Strange Weather in Tokyo

From Hiromi Kawakami’s Strange Weather in Tokyo, translated from the Japanese by Allison Markin Powell,

He was my Japanese teacher at secondary school. He wasn’t my form teacher, and Japanese didn’t interest me much, so I didn’t really remember him. Since I finished school, I hadn’t seen him for quite a while.

Several years ago, we sat beside each other at a crowded bar near the train station, and after that, our paths would cross every now and then. that night, he was sitting at the counter, his back so straight it was almost concave.

Taking my seat at the counter, I ordered “Tuna with fermented soybeans, fried lotus root, and salted shallots,” while the old man next to me requested “Salted shallots, lotus root fries, and tuna with fermented soybeans” almost simultaneously. when I glanced over, I saw he was staring straight back at me.

This delightful book can be found through the publisher’s website.

Robert Seethaler’s A Whole Life, translated by Charlotte Collins

This novel is set in a remote Austrian mountain valley. Andreas Egger, the pr9780374289867otagonist, arrives here as a boy of four. A farmer adopts him and treats him cruelly. Egger, nevertheless, builds a life, marries, goes to war, returns, watches the world change around him as he becomes a stalwart of his valley and earns his living by leading groups of tourists through the mountains. I’m reading this novel as a meditation about stewardship of the land, an exercise of imagination about how to live lightly. It takes a certain set of experiences, good and bad luck, to get there. Here’s a sign that Egger paints to advertise his business:

IF YOU LIKE THE MOUNTAINS I’M YOUR MAN.
I (with practically a lifetime’s experiences in and of Nature) offer:
Hiking with or without baggage
Excursions (half or full day)
Climbing trips
Walks in the mountains (for senior citizens, disabled people and children)
Guided tours in all seasons (weather permitting)
Guaranteed sunrise for early birds
Guaranteed sunset (in the valley only, as too dangerous on the mountain)
No danger to life and limb!
(PRICE IS NEGOTIABLE, BUT NOT EXPENSIVE)

I’m working on a full-length review of a novel by an author from Iceland, Oddný Eir, “Land of Love and Ruins,” translated by Philip Roughton, and I find in it, what I think is a similar idea, expressed in the following terms:

It’s good to replace the idea of “love of one’s native land” with “love of one’s foster land,” to clarify your relationship to the country you tied your umbilical cord to. . . . I think that care for the foster mother is inseparable from care for all its sons and daughters, whether they’re related by blood or not. . . . perhaps we can come up with a new way to connect with nature and justice. Come up with a new collective form, a new form of shared responsibility.  . . .  I’m thinking about loyalty. Isn’t loyalty to the fosterland different than loyalty to the fatherland? I’m not thinking about loyalty for loyalty’s sake, like that claimed by sweaty, self-assertive SS hot dogs. . . . Loyalty to the fosterland can’t be separated from connections to the totality of all things.

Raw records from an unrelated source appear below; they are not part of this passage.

(* Let $n>3$, $\theta_1,\dots,\theta_n\in\mathbb R$, and let $V=|0\rangle\langle0|\otimes I_n+|1\rangle\langle1|\otimes\sum_{j=1}^ne^{i\theta_j}|j\rangle\langle j|$ on $\mathbb C^2\otimes\mathbb C^n$ (a Schmidt-rank-two bipartite unitary). (i) Suppose there exist pairwise distinct indices $i_1,i_2,i_3$ with $\sin^2\frac{\theta_{i_1}-\theta_{i_2}}{2}\sin^2\frac{\theta_{i_2}-\theta_{i_3}}{2}\sin^2\frac{\theta_{i_3}-\theta_{i_1}}{2}>0$ and non-negative reals $c_j$, $j\notin\{i_1,i_2,i_3\}$, such that the numbers $$c_{i_1}=\Big(\tfrac12\cos\tfrac{\theta_{i_2}-\theta_{i_3}}{2}-\sum_{j\ne i_1,i_2,i_3}\sin\tfrac{\theta_j-\theta_{i_2}}{2}\sin\tfrac{\theta_j-\theta_{i_3}}{2}c_j\Big)\csc\tfrac{\theta_{i_1}-\theta_{i_2}}{2}\csc\tfrac{\theta_{i_1}-\theta_{i_3}}{2},$$ $$c_{i_2}=\Big(\tfrac12\cos\tfrac{\theta_{i_1}-\theta_{i_3}}{2}-\sum_{j\ne i_1,i_2,i_3}\sin\tfrac{\theta_j-\theta_{i_1}}{2}\sin\tfrac{\theta_j-\theta_{i_3}}{2}c_j\Big)\csc\tfrac{\theta_{i_2}-\theta_{i_1}}{2}\csc\tfrac{\theta_{i_2}-\theta_{i_3}}{2},$$ $$c_{i_3}=\Big(\tfrac12\cos\tfrac{\theta_{i_1}-\theta_{i_2}}{2}-\sum_{j\ne i_1,i_2,i_3}\sin\tfrac{\theta_j-\theta_{i_1}}{2}\sin\tfrac{\theta_j-\theta_{i_2}}{2}c_j\Big)\csc\tfrac{\theta_{i_3}-\theta_{i_1}}{2}\csc\tfrac{\theta_{i_3}-\theta_{i_2}}{2}$$ are all non-negative. Then $K_E(V)=1$ ebit. (ii) Otherwise $K_E(V)=\max_{1\le i<j\le n}h(i,j)$ ebits, where $h(i,j)=H\Big(\frac{1-|\cos\frac{\theta_i-\theta_j}{2}|}{2},\frac{1+|\cos\frac{\theta_i-\theta_j}{2}|}{2}\Big)$.
   Context: For a bipartite unitary $V$ on $\mathcal H_A\otimes\mathcal H_B$, the entangling power is $K_E(V)=\max E\big(V(|\phi\rangle_{AR_A}\otimes|\psi\rangle_{BR_B})\big)$, the maximum over pure states on $AR_A$ and $BR_B$ with arbitrary finite-dimensional ancillas $R_A,R_B$ ($V$ acting on $A,B$), where $E(|\chi\rangle)=S(\mathrm{Tr}_{AR_A}|\chi\rangle\langle\chi|)$ is the von Neumann entropy, base-2 logarithm (ebits). $H(p,1-p)=-p\log_2p-(1-p)\log_2(1-p)$. *)

From HB Require Import structures.
From mathcomp Require Import all_boot all_order all_algebra.
From mathcomp Require Import reals exp trigo.
From mathcomp Require Import complex.
Set Implicit Arguments. Unset Strict Implicit. Unset Printing Implicit Defensive.
Import Order.TTheory GRing.Theory Num.Theory.
Local Open Scope ring_scope.
Local Open Scope complex_scope.
(* Let $\Omega$ be a finite ground set, let $(\Omega,\mathcal{I})$ be a matroid, let $f:2^\Omega\to\mathbb{R}$ be a normalized, monotone, submodular set function with $f(\{x\})>0$ for every $x\in\Omega$, and let $\nu$ be the curvature of $f$. Fix an integer $\alpha\ge 0$. Let $A^{\mathrm{sol}}$ be any output of the Myopic Maximization algorithm below (with arbitrary tie-breaking). Then $A^{\mathrm{sol}}\in\mathcal{I}$, and \[ \min_{B\subseteq A^{\mathrm{sol}},\ |B|\le\alpha} f(A^{\mathrm{sol}}\setminus B)\;\ge\;(1-\nu)\,\max_{A\in\mathcal{I}}\ \min_{B\subseteq A,\ |B|\le\alpha} f(A\setminus B). \]
   Context: A set function $f$ is normalized if $f(\emptyset)=0$, monotone if $f(X)\le f(Y)$ whenever $X\subseteq Y$, and submodular if $f(X\cup\{x\})-f(X)\ge f(Y\cup\{x\})-f(Y)$ for all $X\subseteq Y\subseteq\Omega$ and $x\in\Omega\setminus Y$. Write $f(x)$ for $f(\{x\})$. The curvature of $f$ is \[ \nu = 1-\min_{x\in\Omega}\frac{f(\Omega)-f(\Omega\setminus\{x\})}{f(x)}. \] The resilient submodular maximization problem is $\max_{A\in\mathcal{I}}\min_{B\subseteq A,\,|B|\le\alpha} f(A\setminus B)$. $\mathrm{rank}(\mathcal{I})$ denotes the common cardinality of the maximal independent sets (bases) of the matroid. Myopic Maximization algorithm: start with $A^{\mathrm{sol}}=\emptyset$; while $|A^{\mathrm{sol}}|<\mathrm{rank}(\mathcal{I})$, choose $a\in\arg\max\{ f(\{a\}) : a\in\Omega\setminus A^{\mathrm{sol}},\ A^{\mathrm{sol}}\cup\{a\}\in\mathcal{I}\}$ and set $A^{\mathrm{sol}}\gets A^{\mathrm{sol}}\cup\{a\}$; return $A^{\mathrm{sol}}$. *)

From mathcomp Require Import all_boot all_order all_algebra.
Set Implicit Arguments. Unset Strict Implicit. Unset Printing Implicit Defensive.
Import Order.TTheory GRing.Theory Num.Theory.
Local Open Scope ring_scope.

Section Defs.
Variables (T : finType) (R : realFieldType).

Definition is_matroid (I : {set T} -> bool) : Prop :=
  [/\ I set0,
      (forall A B : {set T}, B \subset A -> I A -> I B) &
      (forall A B : {set T}, I A -> I B -> (#|A| < #|B|)%N ->
         exists2 x, x \in B :\: A & I (x |: A))].

Definition mrank (I : {set T} -> bool) : nat := (\max_(A | I A) #|A|)%N.

Definition normalized (f : {set T} -> R) : Prop := f set0 = 0.
Definition monotone (f : {set T} -> R) : Prop :=
  forall X Y : {set T}, X \subset Y -> f X <= f Y.
Definition submodular (f : {set T} -> R) : Prop :=
  forall (X Y : {set T}) (x : T), X \subset Y -> x \notin Y ->
    f (x |: X) - f X >= f (x |: Y) - f Y.

(* The neutral element 1 of the min is irrelevant whenever T is nonempty,
   since each ratio is <= 1 for normalized submodular f with f(x) > 0. *)
Definition curvature (f : {set T} -> R) : R :=
  1 - \big[Num.min/1]_(x : T) ((f setT - f (setT :\ x)) / f [set x]).

(* min_{B subset A, |B| <= alpha} f(A \ B).  B = set0 is always in range,
   so the neutral element f A is harmless. *)
Definition resil_value (f : {set T} -> R) (alpha : nat) (A : {set T}) : R :=
  \big[Num.min/f A]_(B : {set T} | (B \subset A) && (#|B| <= alpha)%N) f (A :\: B).

(* max_{A in I} resil_value A.  set0 is independent, so the neutral element
   resil_value set0 is harmless. *)
Definition resil_opt (I : {set T} -> bool) (f : {set T} -> R) (alpha : nat) : R :=
  \big[Num.max/resil_value f alpha set0]_(A : {set T} | I A) resil_value f alpha A.

(* States reachable by the Myopic Maximization loop, with arbitrary tie-breaking. *)
Inductive myopic_reach (I : {set T} -> bool) (f : {set T} -> R) : {set T} -> Prop :=
| myopic_start : myopic_reach I f set0
| myopic_step (A : {set T}) (a : T) :
    myopic_reach I f A ->
    (#|A| < mrank I)%N ->
    a \notin A -> I (a |: A) ->
    (forall b : T, b \notin A -> I (b |: A) -> f [set b] <= f [set a]) ->
    myopic_reach I f (a |: A).

Definition myopic_output (I : {set T} -> bool) (f : {set T} -> R) (A : {set T}) : Prop :=
  myopic_reach I f A /\ ~~ (#|A| < mrank I)%N.

End Defs.

(* Weigh each element x by w x = f {x}.
   - A threshold-counting argument on the matroid shows that the myopic output
     Asol dominates every independent set A: for every t, Asol has at least as
     many elements of weight >= t as A (dominates, myopic_output_dominates).
   - Dominance lets any removal B from Asol be matched by a removal B' from A
     with |B'| <= |B| and sum_(A \ B') w <= sum_(Asol \ B) w
     (dominates_removal).
   - Submodularity gives f S <= sum_(S) w, and the curvature gives
     (1 - nu) * sum_(S) w <= f S (subadditive_singletons,
     curvature_lower_bound).
   Chaining these bounds compares the resilient values of A and Asol
   (myopic_resilience_ratio); taking A optimal yields the theorem. *)

From mathcomp Require Import all_boot all_order all_algebra.
Set Implicit Arguments. Unset Strict Implicit. Unset Printing Implicit Defensive.
Import Order.TTheory GRing.Theory Num.Theory.
Local Open Scope ring_scope.

Section SetInduction.
Variable T : finType.

Lemma card_ind (P : {set T} -> Prop) :
  (forall S : {set T}, (forall S' : {set T}, (#|S'| < #|S|)%N -> P S') -> P S) ->
  forall S, P S.
Proof.
move=> IH S; elim: {S}#|S|.+1 {-2}S (ltnSn #|S|) => // n IHn S ltSn.
by apply: IH => S' ltS'; apply: IHn; apply: leq_trans ltS' _.
Qed.

Lemma cardsD1_lt (S : {set T}) a : a \in S -> (#|S :\ a| < #|S|)%N.
Proof. by move=> aS; rewrite (cardsD1 a S) aS. Qed.

Lemma setD1_ind (P : {set T} -> Prop) :
  P set0 -> (forall (S : {set T}) a, a \in S -> P (S :\ a) -> P S) -> forall S, P S.
Proof.
move=> P0 PD1; elim/card_ind => S IH.
have [->//|/set0Pn[a aS]] := eqVneq S set0.
by apply: (PD1 _ a aS); apply: IH; apply: cardsD1_lt.
Qed.

End SetInduction.

Section WeightDominance.
Variables (T : finType) (R : realFieldType) (w : T -> R).

Definition superlevel (t : R) (A : {set T}) : {set T} := [set x in A | t <= w x].

Definition dominates (A S : {set T}) : Prop :=
  forall t, (#|superlevel t A| <= #|superlevel t S|)%N.

Lemma superlevel_sub t A : superlevel t A \subset A.
Proof. by apply/subsetP => z; rewrite inE => /andP[]. Qed.

Lemma dominatesD1 (A S : {set T}) x y :
  dominates A S -> x \in A -> (forall z, z \in A -> w z <= w x) ->
  y \in S -> w x <= w y -> dominates (A :\ x) (S :\ y).
Proof.
move=> dom xA xmax yS wxy t; have [tx|xt] := leP t (w x).
  have e B b : superlevel t (B :\ b) = superlevel t B :\ b.
    by apply/setP => z; rewrite !inE andbA.
  move: (dom t); rewrite !e (cardsD1 x (superlevel t A)) (cardsD1 y (superlevel t S)).
  by rewrite !inE xA yS tx (le_trans tx wxy).
suff -> : superlevel t (A :\ x) = set0 by rewrite cards0.
apply/setP => z; rewrite !inE; apply/negP => /andP[/andP[_ zA] tz].
by have := lt_le_trans xt (le_trans tz (xmax z zA)); rewrite ltxx.
Qed.

Lemma dominates_removal (A S B : {set T}) :
  (forall x, 0 <= w x) -> dominates A S ->
  exists2 B' : {set T}, B' \subset A &
    (#|B'| <= #|B|)%N /\ \sum_(x in A :\: B') w x <= \sum_(x in S :\: B) w x.
Proof.
move=> w0; elim/card_ind: A S B => A IH S B dom.
have [-> | A0] := eqVneq A set0.
  exists set0; rewrite ?sub0set // cards0 set0D big_set0.
  by split => //; apply: sumr_ge0.
have [x0 x0A] := set0Pn _ A0.
have [x xA xmax] : exists2 x, x \in A & forall z, z \in A -> w z <= w x.
  by case: (arg_maxP w x0A) => x; exists x.
have : (0 < #|superlevel (w x) S|)%N.
  apply: leq_trans (dom (w x)); rewrite card_gt0.
  by apply/set0Pn; exists x; rewrite inE xA lexx.
rewrite card_gt0 => /set0Pn [y]; rewrite inE => /andP[yS wxy].
have domD1 := dominatesD1 dom xA xmax yS wxy.
have [B1 sB1 [cB1 sum1]] := IH _ (cardsD1_lt xA) _ (B :\ y) domD1.
have sB1A : B1 \subset A := subset_trans sB1 (subD1set A x).
have eS : (S :\ y) :\: (B :\ y) = (S :\: B) :\ y.
  by apply/setP => z; rewrite !inE; case: eqVneq.
have eA : (A :\ x) :\: B1 = (A :\: B1) :\ x.
  by apply/setP => z; rewrite !inE andbCA.
(* If y is removed from S, remove x from A as well; otherwise x is kept and
   its weight is paid for by the weight of y. *)
have [yB | yNB] := boolP (y \in B).
  exists (x |: B1); first by rewrite subUset sub1set xA.
  split; first by rewrite cardsU1 (cardsD1 y B) yB leq_add ?leq_b1.
  have -> : A :\: (x |: B1) = (A :\ x) :\: B1.
    by apply/setP => z; rewrite !inE negb_or andbAC andbC.
  have -> : S :\: B = (S :\ y) :\: (B :\ y).
    by rewrite eS; apply/setP => z; rewrite !inE; case: eqVneq => // ->; rewrite yB.
  exact: sum1.
exists B1 => //; split; first by rewrite (leq_trans cB1) // (cardsD1 y B) (negbTE yNB).
have xA' : x \in A :\: B1.
  by rewrite inE xA andbT; apply/negP => /(subsetP sB1); rewrite !inE eqxx.
have yS' : y \in S :\: B by rewrite inE yS yNB.
rewrite (big_setD1 x xA') (big_setD1 y yS') lerD //.
by rewrite -eA -eS.
Qed.

End WeightDominance.

Section MyopicGreedy.
Variables (T : finType) (R : realFieldType) (I : {set T} -> bool) (f : {set T} -> R).
Hypothesis matroidI : is_matroid I.

Local Notation w := (fun x : T => f [set x]).

Lemma indep_subset (A B : {set T}) : B \subset A -> I A -> I B.
Proof. by case: matroidI => _ down _; apply: down. Qed.

Lemma indep_exchange (A B : {set T}) : I A -> I B -> (#|A| < #|B|)%N ->
  exists2 x, x \in B :\: A & I (x |: A).
Proof. by case: matroidI => _ _; apply. Qed.

Lemma indep_card_le_rank (A : {set T}) : I A -> (#|A| <= mrank I)%N.
Proof. by move=> IA; apply: (@leq_bigmax_cond _ I (fun B : {set T} => #|B|)). Qed.

Definition threshold_closed (A : {set T}) : Prop :=
  forall t, (forall z, z \in A -> t <= w z) \/
            (forall x, x \notin A -> t <= w x -> ~~ I (x |: superlevel w t A)).

Lemma myopic_reach_invariant (A : {set T}) :
  myopic_reach I f A -> I A /\ threshold_closed A.
Proof.
elim=> [|{}A a _ [IA IH] _ aA Ia amax].
  by split; [case: matroidI | move=> t; left => z; rewrite inE].
split => // t; have [heavy|closed] := IH t.
  (* All of A is heavy: either a is heavy too, or a is the first light
     element, and then no heavy element could have been added instead. *)
  have [ta|lt_a_t] := leP t (w a).
    by left => z; rewrite in_setU1 => /orP[/eqP->//|]; apply: heavy.
  right => x; rewrite in_setU1 negb_or => /andP[_ xA] tx; apply/negP => Ix.
  have sub : x |: A \subset x |: superlevel w t (a |: A).
    by apply: setUS; apply/subsetP => z zA; rewrite !inE zA orbT heavy.
  by have := amax x xA (indep_subset sub Ix); rewrite leNgt (lt_le_trans lt_a_t tx).
(* The heavy part of A is already closed, so a is light and changes nothing. *)
have lt_a_t : w a < t.
  rewrite ltNge; apply/negP => ta; have := closed a aA ta; apply/negP/negPn.
  by apply: indep_subset Ia; apply: setUS; apply: superlevel_sub.
have -> : superlevel w t (a |: A) = superlevel w t A.
  apply/setP => z; rewrite !inE; have [->|//] := eqVneq z a.
  by rewrite (negbTE aA) leNgt lt_a_t.
by right => x; rewrite in_setU1 negb_or => /andP[_ xA]; apply: closed.
Qed.

Lemma myopic_output_dominates (Asol A : {set T}) :
  myopic_output I f Asol -> I A -> dominates w A Asol.
Proof.
move=> [reach full] IA t; have [IAsol closed] := myopic_reach_invariant reach.
case: (closed t) => [heavy|maximal].
  (* Asol is a basis made only of heavy elements. *)
  have -> : superlevel w t Asol = Asol.
    by apply/setP => z; rewrite inE andb_idr //; apply: heavy.
  rewrite -leqNgt in full; apply: leq_trans full.
  exact: leq_trans (subset_leq_card (superlevel_sub w t A)) (indep_card_le_rank IA).
(* Otherwise a larger heavy part of A would extend the heavy part of Asol. *)
rewrite leqNgt; apply/negP => lt_sol_A.
have Isol := indep_subset (superlevel_sub w t Asol) IAsol.
have IA' := indep_subset (superlevel_sub w t A) IA.
have [x] := indep_exchange Isol IA' lt_sol_A.
rewrite !inE => /andP[xsol /andP[xA tx]] Ix.
have xNsol : x \notin Asol by apply: contra xsol => ->; rewrite tx.
by have := maximal x xNsol tx; rewrite Ix.
Qed.

End MyopicGreedy.

Section CurvatureBounds.
Variables (T : finType) (R : realFieldType) (f : {set T} -> R).
Hypotheses (normf : normalized f) (monof : monotone f) (submodf : submodular f)
  (singleton_pos : forall x : T, 0 < f [set x]).

Local Notation kappa := (1 - curvature f).

Lemma kappaE :
  kappa = \big[Num.min/1]_(x : T) ((f setT - f (setT :\ x)) / f [set x]).
Proof. by rewrite /curvature opprB addrC subrK. Qed.

Lemma kappa_ge0 : 0 <= kappa.
Proof.
rewrite kappaE; apply/bigmin_geP; split => // x _.
by rewrite divr_ge0 ?subr_ge0 ?monof ?subsetT // ltW.
Qed.

Lemma kappa_marginal x : kappa * f [set x] <= f setT - f (setT :\ x).
Proof.
rewrite -ler_pdivlMr // kappaE; exact: bigmin_le.
Qed.

Lemma marginal_ge_top (S : {set T}) a : a \in S ->
  f setT - f (setT :\ a) <= f S - f (S :\ a).
Proof.
move=> aS; have aNT : a \notin setT :\ a by rewrite !inE eqxx.
by have := submodf (setSD [set a] (subsetT S)) aNT; rewrite !setD1K ?inE.
Qed.

Lemma marginal_le_singleton (S : {set T}) a : a \in S ->
  f S - f (S :\ a) <= f [set a].
Proof.
move=> aS; have aNS : a \notin S :\ a by rewrite !inE eqxx.
by have := submodf (sub0set (S :\ a)) aNS; rewrite setD1K // setU0 normf subr0.
Qed.

Lemma curvature_lower_bound (S : {set T}) :
  kappa * \sum_(x in S) f [set x] <= f S.
Proof.
elim/setD1_ind: S => [|S a aS IH]; first by rewrite big_set0 mulr0 normf.
rewrite (big_setD1 a aS) mulrDr -(subrK (f (S :\ a)) (f S)).
exact: lerD (le_trans (kappa_marginal a) (marginal_ge_top aS)) IH.
Qed.

Lemma subadditive_singletons (S : {set T}) : f S <= \sum_(x in S) f [set x].
Proof.
elim/setD1_ind: S => [|S a aS IH]; first by rewrite big_set0 normf.
rewrite (big_setD1 a aS) -(subrK (f (S :\ a)) (f S)).
exact: lerD (marginal_le_singleton aS) IH.
Qed.

End CurvatureBounds.

Section Resilience.
Variables (T : finType) (R : realFieldType) (f : {set T} -> R) (alpha : nat).

Lemma resil_value_le (A B : {set T}) : B \subset A -> (#|B| <= alpha)%N ->
  resil_value f alpha A <= f (A :\: B).
Proof. by move=> sBA cB; apply: bigmin_le_cond; rewrite sBA cB. Qed.

Lemma resil_value_ge (A : {set T}) (m : R) :
  (forall B : {set T}, B \subset A -> (#|B| <= alpha)%N -> m <= f (A :\: B)) ->
  m <= resil_value f alpha A.
Proof.
move=> lb; apply/bigmin_geP; split => [|B /andP[]]; last exact: lb.
by have := lb set0 (sub0set A); rewrite cards0 setD0; apply.
Qed.

Lemma resil_opt_attained (I : {set T} -> bool) : I set0 ->
  exists2 A : {set T}, I A & resil_opt I f alpha = resil_value f alpha A.
Proof.
move=> I0; case: (arg_maxP (resil_value f alpha) I0) => A IA Amax.
exists A => //; apply/le_anti; rewrite le_bigmax_cond // andbT.
by apply/bigmax_leP; split => [|B /Amax //]; apply: Amax.
Qed.

End Resilience.

Lemma myopic_resilience_ratio (T : finType) (R : realFieldType)
  (I : {set T} -> bool) (f : {set T} -> R) (alpha : nat) (Asol A : {set T}) :
  is_matroid I -> normalized f -> monotone f -> submodular f ->
  (forall x : T, 0 < f [set x]) ->
  myopic_output I f Asol -> I A ->
  (1 - curvature f) * resil_value f alpha A <= resil_value f alpha Asol.
Proof.
move=> matroidI normf monof submodf singleton_pos out IA.
apply: resil_value_ge => B sB cB.
have w_ge0 x : 0 <= f [set x] by apply: ltW.
have dom := myopic_output_dominates matroidI out IA.
have [B' sB' [cB' sum_le]] := dominates_removal B w_ge0 dom.
apply: le_trans _ (curvature_lower_bound normf submodf singleton_pos _).
apply: ler_wpM2l; first exact: kappa_ge0 monof singleton_pos.
apply: le_trans (resil_value_le f sB' (leq_trans cB' cB)) _.
exact: le_trans (subadditive_singletons normf submodf _) sum_le.
Qed.

Theorem mainTheorem1 (T : finType) (R : realFieldType)
  (I : {set T} -> bool) (f : {set T} -> R) (alpha : nat) (Asol : {set T}) :
  is_matroid I ->
  normalized f -> monotone f -> submodular f ->
  (forall x : T, 0 < f [set x]) ->
  myopic_output I f Asol ->
  I Asol /\
  resil_value f alpha Asol >= (1 - curvature f) * resil_opt I f alpha.
Proof.
move=> matroidI normf monof submodf singleton_pos out.
have [IAsol _] := myopic_reach_invariant matroidI out.1.
have I0 : I set0 by case: matroidI.
have [A IA ->] := resil_opt_attained f alpha I0.
by split => //; exact: myopic_resilience_ratio matroidI normf monof submodf singleton_pos out IA.
Qed.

Eir develops her thoughts on this idea of fosterland at length and through very interesting history. I find it all very appealing. Unfortunately her language, rendered by Roughton, does get a little muddled. Seethaler’s words, rendered by Charlotte Collins, read like poetry. Here it is, again, that line: “I (with practically a lifetime’s experiences in and of Nature) offer: Hiking with or without baggage.”

I want to put a smiley face at the end of that sentence.

An extended excerpt from Seethaler’s novel is available on the publisher’s website.

You can buy the book here.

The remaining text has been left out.